Cardiomyocyte protein O-GlcNAcylation is regulated by GFAT1 not GFAT2

Adam A Nabeebaccus a,, Sharwari Verma a, Anna Zoccarato a, Giulia Emanuelli a,1, Celio XC Santos a, Katrin Streckfuss-Bömeke b,c, Ajay M Shah a
PMCID: PMC8606754  PMID: 34735873

Abstract

In response to cardiac injury, increased activity of the hexosamine biosynthesis pathway (HBP) is linked with cytoprotective as well as adverse effects depending on the type and duration of injury. Glutamine-fructose amidotransferase (GFAT; gene name gfpt) is the rate-limiting enzyme that controls flux through HBP. Two protein isoforms exist in the heart called GFAT1 and GFAT2. There are conflicting data on the relative importance of GFAT1 and GFAT2 during stress-induced HBP responses in the heart.

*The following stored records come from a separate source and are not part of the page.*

(* An observation produced by one query: (queried recency h, infection status,
   children counts zs) where nth 0 zs j = Z_j = number of children of recency j
   (zs has length h if infected, [::] otherwise). *)
Definition obs := (nat * bool * seq nat)%type.
Definition history := seq obs.
(* A frontier is a finite multiset of recencies, represented by a list. *)
Definition frontier := seq nat.
Definition policy := history -> frontier -> nat.

Definition admissible (pol : policy) : Prop :=
  forall (hist : history) (F : frontier), F != [::] -> pol hist F \in F.

Definition children (zs : seq nat) : frontier :=
  flatten [seq nseq (nth 0%N zs j) j | j <- iota 0 (size zs)].

(* Expectation of g (Z_0, ..., Z_{k-1}) (appended to acc) where the Z_j are
   i.i.d. with law D on nat; nonnegative series in the extended reals. *)
Fixpoint Echildren (R : realType) (D : nat -> R) (k : nat) (acc : seq nat)
  (g : seq nat -> \bar R) : \bar R :=
  match k with
  | 0 => g acc
  | k'.+1 => \sum_(z <oo) ((D z)%:E * Echildren D k' (rcons acc z) g)
  end.

Definition infect_prob (R : realType) (T : nat) (pT alpha : R) (h : nat) : R :=
  (pT * expR (- alpha * (T%:R - h%:R)))%R.

Fixpoint Vn (R : realType) (T : nat) (D : nat -> R) (pT alpha beta : R)
  (pol : policy) (n : nat) (hist : history) (F : frontier) : \bar R :=
  match n with
  | 0 => 0
  | n'.+1 =>
    if F is [::] then 0 else
    let h := pol hist F in
    let t := size hist in
    let p := infect_prob T pT alpha h in
    let F' := rem h F in
    ((1 - p)%R)%:E * Vn T D pT alpha beta pol n' (rcons hist (h, false, [::])) F'
    + p%:E * ((expR (- beta * (h%:R + t%:R)))%:E
              + Echildren D h [::] (fun zs =>
                  Vn T D pT alpha beta pol n' (rcons hist (h, true, zs))
                     (F' ++ children zs)))
  end.

(* Expected total collected benefit from initial frontier F0 (step t = 0):
   the supremum (= monotone limit) of the n-step expected benefits. *)
Definition value (R : realType) (T : nat) (D : nat -> R) (pT alpha beta : R)
  (pol : policy) (F0 : frontier) : \bar R :=
  ereal_sup (range (fun n => Vn T D pT alpha beta pol n [::] F0)).

Definition optimal (R : realType) (T : nat) (D : nat -> R) (pT alpha beta : R)
  (pol : policy) : Prop :=
  admissible pol /\
  forall (pol' : policy), admissible pol' ->
  forall F0 : frontier, all (fun h => (h <= T)%N) F0 ->
    value T D pT alpha beta pol' F0 <= value T D pT alpha beta pol F0.

Definition greedy_policy : policy := fun _ F => (\max_(h <- F) h)%N.

From HB Require Import structures.
From mathcomp Require Import all_boot all_order all_algebra.
From mathcomp Require Import all_classical all_reals all_analysis.
From mathcomp Require Import ring lra.
Import Order.TTheory GRing.Theory Num.Theory.
Local Open Scope ring_scope.
Set Implicit Arguments. Unset Strict Implicit. Unset Printing Implicit Defensive.

(* Since the benefit of a query at step t carries the factor e^{-beta t}, the
   n-step value of a policy from step t is e^{-beta t} times a time-independent
   quantity; let G_n(F) be this quantity for the greedy policy.  The key fact is
   that querying any h in F and then acting greedily for n steps earns at most
   G_{n+1}(F).  If m = max F differs from h, the greedy continuation queries m
   right after h, because the children of h have smaller recency than h.
   Exchanging these two queries leaves the law of the resulting frontier
   unchanged, the two outcomes being independent, and replaces the discounted
   immediate rewards r(h) + e^{-beta} r(m) by r(m) + e^{-beta} r(h), where
   r(h) = p(h) e^{-beta h} = p_T e^{-alpha T} e^{(alpha - beta) h} increases
   with h precisely because alpha > beta.  Induction on n then bounds the n-step
   value of every policy by that of the greedy one. *)

Lemma remC (T : eqType) (x y : T) (s : seq T) : rem x (rem y s) = rem y (rem x s).
Proof.
elim: s => //= z s IH.
have [<-|zy] := eqVneq z y; have [<-|zx] := eqVneq z x => /=;
  by rewrite ?eqxx ?(negPf zx) ?(negPf zy) ?IH.
Qed.
Lemma Cnorm2_Cpow z n : Cnorm2 (Cpow z n) = Cnorm2 z ^ n.
Proof.
  induction n as [|n IH]; cbn [Cpow pow].
  - unfold Cnorm2, RtoC; cbn; ring.
  - rewrite Cnorm2_Cmul, IH; reflexivity.
Qed.

Lemma Cnorm2_CpowZ z e : Cnorm2 (CpowZ z e) = powerRZ (Cnorm2 z) e.
Proof.
  destruct e as [|p|p]; cbn [CpowZ powerRZ].
  - unfold Cnorm2, RtoC; cbn; ring.
  - apply Cnorm2_Cpow.
  - rewrite Cnorm2_Cinv, Cnorm2_Cpow; reflexivity.
Qed.

Lemma Cnorm2_Csub_sym z w : Cnorm2 (Csub z w) = Cnorm2 (Csub w z).
Proof. destruct z, w; unfold Cnorm2, Csub; cbn; ring. Qed.

Lemma Cdiv_RtoC a b r : r <> 0 -> Cdiv (a, b) (RtoC r) = (a / r, b / r).
Proof. intros Hr; unfold Cdiv, Cmul, Cinv, Cnorm2, RtoC; cbn; f_equal; field; exact Hr. Qed.

Lemma Cmul_Cexp a b c d : Cmul (Cexp (a, b)) (Cexp (c, d)) = Cexp (a + c, b + d).
Proof. unfold Cmul, Cexp; cbn; rewrite exp_plus, cos_plus, sin_plus; f_equal; ring. Qed.

Lemma Cpow_Cexp a b n : Cpow (Cexp (a, b)) n = Cexp (INR n * a, INR n * b).
Proof.
  induction n as [|n IH]; cbn [Cpow].
  - unfold Cexp, RtoC; cbn; rewrite !Rmult_0_l, exp_0, cos_0, sin_0; f_equal; ring.
  - rewrite IH, Cmul_Cexp, S_INR; f_equal; f_equal; ring.
Qed.

Lemma Cnorm2_Cexp a b : Cnorm2 (Cexp (a, b)) = exp a ^ 2.
Proof.
  unfold Cnorm2, Cexp; cbn.
  pose proof (sin2_cos2 b) as Hsc; unfold Rsqr in Hsc. nra.
Qed.

Definition norm2_1_sub_exp (a b : R) : R := 1 - 2 * exp a * cos b + exp a ^ 2.

Lemma Cnorm2_1_sub_Cexp a b : Cnorm2 (Csub (RtoC 1) (Cexp (a, b))) = norm2_1_sub_exp a b.
Proof.
  unfold Cnorm2, Csub, RtoC, Cexp, norm2_1_sub_exp; cbn.
  pose proof (sin2_cos2 b) as Hsc; unfold Rsqr in Hsc. nra.
Qed.

Lemma norm2_1_sub_exp_sin a b : norm2_1_sub_exp a b = (exp a - cos b) ^ 2 + sin b ^ 2.
Proof.
  unfold norm2_1_sub_exp.
  pose proof (sin2_cos2 b) as Hsc; unfold Rsqr in Hsc. nra.
Qed.

Lemma norm2_1_sub_exp_cos a b :
  norm2_1_sub_exp a b = (1 - exp a) ^ 2 + 2 * exp a * (1 - cos b).
Proof. unfold norm2_1_sub_exp; ring. Qed.

Lemma norm2_1_sub_exp_ge0 a b : 0 <= norm2_1_sub_exp a b.
Proof.
  rewrite norm2_1_sub_exp_sin.
  pose proof (pow2_ge_0 (exp a - cos b)); pose proof (pow2_ge_0 (sin b)); lra.
Qed.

Using neonatal rat cardiac cell preparations, targeted knockdown of GFPT1 and GFPT2 were performed and HBP activity measured. Immunostaining with specific GFAT1 and GFAT2 antibodies was undertaken in neonatal rat cardiac preparations and murine cardiac tissues to characterise cell-specific expression. Publicly available human heart single cell sequencing data was interrogated to determine cell-type expression. Western blots for GFAT isoform protein expression were performed in human cardiomyocytes derived from induced pluripotent stem cells (iPSCs).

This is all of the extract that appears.